High purpose without love and support is the university student studying to be a doctor because that’s what their parents want them to do. A huge amount of purpose is driving their behaviour but every time they kick another goal or over-achieve, they experience the inevitable anti-climax. They feel empty and unfulfilled. This drives them to work harder in perpetual pursuit of the love and support that they don’t have…. a futile quest that ends in burnout.

Low purpose coupled with low love and support is outright dangerous. If cornered by this psychological double-edged sword, immediate help is the only option.

What about kids and computer games….how do I deal with that?

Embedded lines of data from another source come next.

Lemma dm_runit_inv (s : C) :
  runit (d s) ∘ (idm (d s) ⊠ eps) ∘ mu s unit = dm (runit_inv s).
Proof.
  apply (cancel_split_epi _ _ (dm (runit s)) (dm (runit_inv s))).
  { rewrite <- dm_comp, runit_invl; apply dm_id. }
  rewrite <- dm_comp, runit_invr, dm_id. rew mu_runit. apply runit_invr.
Qed.

Lemma mu_assoc_inv (a b c : C) :
  (idm (d a) ⊠ mu_inv b c) ∘ assoc (d a) (d b) (d c) ∘ (mu a b ⊠ idm (d c))
  = mu a (b ⊗ c) ∘ dm (assoc_inv a b c) ∘ mu_inv (a ⊗ b) c.
Proof.
  apply (cancel_split_mono _ _ (assoc_inv (d a) (d b) (d c) ∘ (idm (d a) ⊠ mu b c))
           ((idm (d a) ⊠ mu_inv b c) ∘ assoc (d a) (d b) (d c))).
  { rew assoc_invr. apply tensm_inv_r, mu_invl. }
  rew mu_assoc. rew <- dm_comp. rewrite assoc_invl, dm_id. assoc_norm. rew mu_invr.
  rew <- tensm_comp_r. rewrite mu_invr, tensm_id. assoc_norm. rew assoc_invl.
  reflexivity.
Qed.

Lemma dm_mu_eta (a b : C) :
  dm (mu a b) ∘ mu_inv (d a) (d b) = eta (a ⊗ b) ∘ (eta_inv a ⊠ eta_inv b).
Proof.
  rewrite eta_mon_tens. rew <- tensm_comp. rewrite !eta_invr, tensm_id. assoc_norm.
  reflexivity.
Qed.

Lemma dual_curry_d {x s : C} (e : hom (s ⊗ x) unit) (c : hom unit (x ⊗ s)) :
  dual_curry (d_coev x s e) (d_ev x s c) = dm (dual_curry c e).
Proof.
  replace (d_coev x s e) with (braid (d s) (d x) ∘ (mu s x ∘ dm e ∘ eps_inv))
    by (unfold d_coev; assoc_norm; reflexivity).
  unfold d_ev. rewrite dual_curry_braid. unfold dual_cocurry, dual_curry.
  rewrite !tensm_comp_r, !tensm_comp_l. rew mu_assoc_inv. rew mu_nat_r. rew mu_inv_nat_l.
  rewrite dm_runit_inv. rew dm_lunit. rewrite !dm_comp. assoc_norm. reflexivity.
Qed.

Lemma d_ev_whisker_r {y s s' : C} (c : hom unit (y ⊗ s)) (g : hom s s') :
  d_ev y s' ((idm y ⊠ g) ∘ c) = d_ev y s c ∘ (dm g ⊠ idm (d y)).
Proof.
  unfold d_ev. rewrite dm_comp. rew <- mu_inv_nat_r. rew <- braid_nat. reflexivity.
Qed.

Lemma d_ev_whisker_l {x y s : C} (c : hom unit (x ⊗ s)) (f : hom x y) :
  d_ev y s ((f ⊠ idm s) ∘ c) = d_ev x s c ∘ (idm (d s) ⊠ dm f).
Proof.
  unfold d_ev. rewrite dm_comp. rew <- mu_inv_nat_l. rew <- braid_nat. reflexivity.
Qed.

Lemma d_ev_d_coev_eta {x s : C} (e : hom (s ⊗ x) unit) :
  d_ev (d x) (d s) (d_coev x s e) ∘ (idm (d (d s)) ⊠ eta x) = e ∘ (eta_inv s ⊠ idm x).
Proof.
  unfold d_ev, d_coev. rewrite !dm_comp. rew mu_inv_braid. rew braid_sym.
  rew dm_mu_eta. rew <- eta_nat. rewrite eta_mon_unit. rew <- dm_comp.
  rewrite eps_invr, dm_id. assoc_norm. rewrite eps_invr, comp_idl.
  rew <- tensm_comp. rewrite eta_invl. reflexivity.
Qed.

End AntiInvolution.

Theorem mainTheorem11
  (C : Cat) (S : SMC C) (A : AntiInv C S)
  (* a choice of duals for every object: the dual functor on objects *)
  (star : C -> C)
  (ev : forall x : C, hom (star x ⊗ x) unit)
  (coev : forall x : C, hom unit (x ⊗ star x))
  (Hdual : forall x : C, is_dual x (star x) (ev x) (coev x))
  (* the dual functor on morphisms: f^* is the unique morphism with
     ev_x ∘ (f^* ⊗ id) = ev_y ∘ (id ⊗ f) *)
  (starm : forall x y : C, hom x y -> hom (star y) (star x))
  (Hstarm : forall (x y : C) (f : hom x y),
      ev x ∘ (starm x y f ⊠ idm x) = ev y ∘ (idm (star y) ⊠ f))
  (* psi x : d (x^* ) -> (d x)^*  is the uniqueness-of-duals isomorphism
     between the two duals d (x^* ) and (d x)^* of d x, i.e. the one
     compatible with the evaluations and coevaluations *)
  (psi : forall x : C, hom (d (star x)) (star (d x)))
  (Hpsi_ev : forall x : C,
      ev (d x) ∘ (psi x ⊠ idm (d x)) = d_ev x (star x) (coev x))
  (Hpsi_coev : forall x : C,
      (idm (d x) ⊠ psi x) ∘ d_coev x (star x) (ev x) = coev (d x)) :
  (* psi is a natural isomorphism  d ∘ (.)^* => (.)^* ∘ d ... *)
  (forall (x y : C) (f : hom x y),
      psi y ∘ dm (starm x y f) = starm (d y) (d x) (dm f) ∘ psi x)
  /\ (forall x : C, exists g : hom (star (d x)) (d (star x)),
        g ∘ psi x = idm _ /\ psi x ∘ g = idm _)
  (* ... satisfying the anti-involutive functor axiom
     phi_{d x} ∘ F(eta_x) = d(phi_x) ∘ eta'_{F x} in C^op, with eta' = eta^{-1},
     written out in C: *)
  /\ (forall x : C,
      starm x (d (d x)) (eta x) ∘ psi (d x) = eta_inv (star x) ∘ dm (psi x)).
Proof.
  split; [|split].
  - intros x y f. apply (dual_ev_inj _ _ (Hdual (d y))).
    rewrite !tensm_comp_l. assoc_norm. rewrite Hpsi_ev, Hstarm. rew tensm_swap.
    rewrite Hpsi_ev, <- d_ev_whisker_r, <- d_ev_whisker_l.
    rewrite (coev_mate _ _ _ _ f _ (Hdual x) (dual_cocurry_coev (Hdual y)) (Hstarm x y f)).
    reflexivity.
  - intros x. exists (dual_curry (d_coev x (star x) (ev x)) (ev (d x))).
    apply (dual_comparison_iso (d_ev x (star x) (coev x)) _ _ (coev (d x)));
      [| apply (dual_curry_ev (Hdual (d x))) | apply Hpsi_ev | apply Hpsi_coev].
    rewrite dual_curry_d, (dual_curry_ev (Hdual x)). apply dm_id.
  - intros x. apply (dual_ev_inj _ _ (Hdual x)).
    rewrite !tensm_comp_l. assoc_norm. rewrite Hstarm. rew tensm_swap.
    rewrite Hpsi_ev, <- Hpsi_coev, d_ev_whisker_r. rew <- tensm_swap.
    rewrite d_ev_d_coev_eta. reflexivity.
Qed.
(* Let N = sum_t c_t c_t^T be the Gram matrix of a decomposition
   Q_M = sum_t (sum_i c_t(i) X_i)^2.  Then Q_N = Q_M, and Q is invariant under
   every partial transpose, so the symmetrization 2^-d sum_kappa N^{T_kappa} is
   a fully symmetric matrix with the same form as M.  When 2 != 0 the form
   determines a fully symmetric matrix: the coefficient of the monomial of
   (a, b) is M_ab times a product of factors 1 and 2.  Hence M is that
   symmetrization.  As each c_t c_t^T is symmetric, its partial transposes by
   kappa and by the complement of kappa coincide, which leaves 2^(d-1) rank-one
   partial transposes per square. *)

Lemma natr_forall (R : comPzSemiRingType) (I : finType) (P : pred I) :
  [forall i, P i]%:R = \prod_i (P i)%:R :> R.
Proof.
have [/forallP allP|/forallPn[i notPi]] := boolP [forall i, P i].
  by rewrite big1 // => i _; rewrite allP.
by rewrite (bigD1 i) //= (negbTE notPi) mul0r.
Qed.

Lemma sum_ffun2_prod (R : comPzSemiRingType) (I T : finType) (f : I -> T -> T -> R) :
  \sum_(i : {ffun I -> T}) \sum_(j : {ffun I -> T}) \prod_k f k (i k) (j k) =
  \prod_k \sum_x \sum_y f k x y.
Proof.
rewrite bigA_distr_bigA; apply: eq_bigr => i _.
by rewrite bigA_distr_bigA.
Qed.

Lemma perm_eq_pair (T : eqType) (x y u v : T) :
  perm_eq [:: x; y] [:: u; v] = ((x, y) == (u, v)) || ((x, y) == (v, u)).
Proof.
have swap (a b : T) : perm_eq [:: a; b] [:: b; a].
  by rewrite -[[:: a; b]]/([:: a] ++ [:: b]) perm_catC.
apply/idP/idP => [xy_uv|]; last by case/orP=> /eqP[-> ->].
have : x \in [:: u; v] by rewrite -(perm_mem xy_uv) mem_head.
rewrite !inE => /orP[]/eqP x_eq; move: xy_uv; rewrite x_eq.
  by rewrite perm_cons => /perm_small_eq-/(_ isT)[->]; rewrite eqxx.
rewrite (permPr (swap u v)) perm_cons => /perm_small_eq-/(_ isT)[->].
by rewrite eqxx orbT.
Qed.

Lemma sum_perm_eq_pair (R : pzSemiRingType) (T : finType) (u v : T) :
  \sum_x \sum_y (perm_eq [:: x; y] [:: u; v])%:R = (u != v).+1%:R :> R.
Proof.
have -> : (u != v).+1 = #|pred2 (u, v) (v, u)|.
  by rewrite card2 xpair_eqE (eq_sym v) andbb.
rewrite (pair_bigA _ (fun x y => (perm_eq [:: x; y] [:: u; v])%:R)).
rewrite -sum1_card natr_sum [RHS]big_mkcond; apply: eq_bigr => -[x y] _.
by rewrite perm_eq_pair !inE; case: ifP.
Qed.

Lemma card_sets (T : finType) : #|{set T}| = (2 ^ #|T|)%N.
Proof. by rewrite -[LHS]cardsT -powersetT card_powerset cardsT. Qed.

Lemma card_sets_notin (T : finType) (x : T) :
  #|[pred A : {set T} | x \notin A]| = (2 ^ #|T|.-1)%N.
Proof.
rewrite -(cardsC1 x) -card_powerset; apply: eq_card => A.
by rewrite powersetCE disjoint_sym disjoints1.
Qed.

Section PartialTranspose.
Variables (F : fieldType) (n d : nat).
Implicit Types (A B : pmat F n d) (kappa : {set 'I_d}).

Lemma pmatP A B : (forall i j, ent A i j = ent B i j) -> A = B.
Proof.
move=> eqAB; apply/matrixP => u v.
by have := eqAB (enum_val u) (enum_val v); rewrite /ent !enum_valK.
Qed.

Lemma ent_ptrans kappa A i j :
  ent (ptrans kappa A) i j = ent A (ptswap kappa i j) (ptswap kappa j i).
Proof. by rewrite /ent /ptrans mxE !enum_rankK. Qed.

Lemma ptrans_is_linear kappa : linear (@ptrans F n d kappa).
Proof. by move=> a A B; apply/matrixP => u v; rewrite !mxE /ent !mxE. Qed.

HB.instance Definition _ kappa :=
  GRing.isLinear.Build F (pmat F n d) (pmat F n d) *:%R (ptrans kappa)
    (ptrans_is_linear kappa).

Lemma ptrans_comp kappa1 kappa2 A :
  ptrans kappa1 (ptrans kappa2 A) =
  ptrans [set k | (k \in kappa1) (+) (k \in kappa2)] A.
Proof.
apply: pmatP => i j; rewrite !ent_ptrans; congr ent; apply/ffunP => k;
by rewrite !ffunE inE; case: (k \in kappa1); case: (k \in kappa2).
Qed.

Coming back to my kids and their computer game addiction, the problem wasn’t the games, it was the fact that they were a little lost before they started playing. I love my kids with all my heart, and I’d like to think they each have independent personalities with high drive and purpose. However, in those moments when you are feeling a little down because things haven’t gone your way or your parents may have lost their temper with you, it’s easy to lose purpose and feel as though you aren’t loved or supported. Kids can be extreme in their feelings of purpose, love and support, going from the highs to the absolute lows in a couple of minutes. It’s in those moments that we need to be aware of how we show up as parents. The exact moment when you really couldn’t be bothered dealing with another argument, so you give in to games…. that is when you need to step-up. For me, stepping up looked like taking access to Fortnite away. Interestingly, my kids all felt that as an act of love and support because it extinguished their inability to be satisfied. To any parent out there right now struggling with computer game addiction in their household, ask yourself honestly, do your kids recognise how much you love and support them? If the answer is yes, they will follow your lead. No drug addict deeply entwined in their addiction will willingly give up their stash without a fight. However, those that emerge from the deceptive embrace of their drug will thank you indefinitely for your intervention.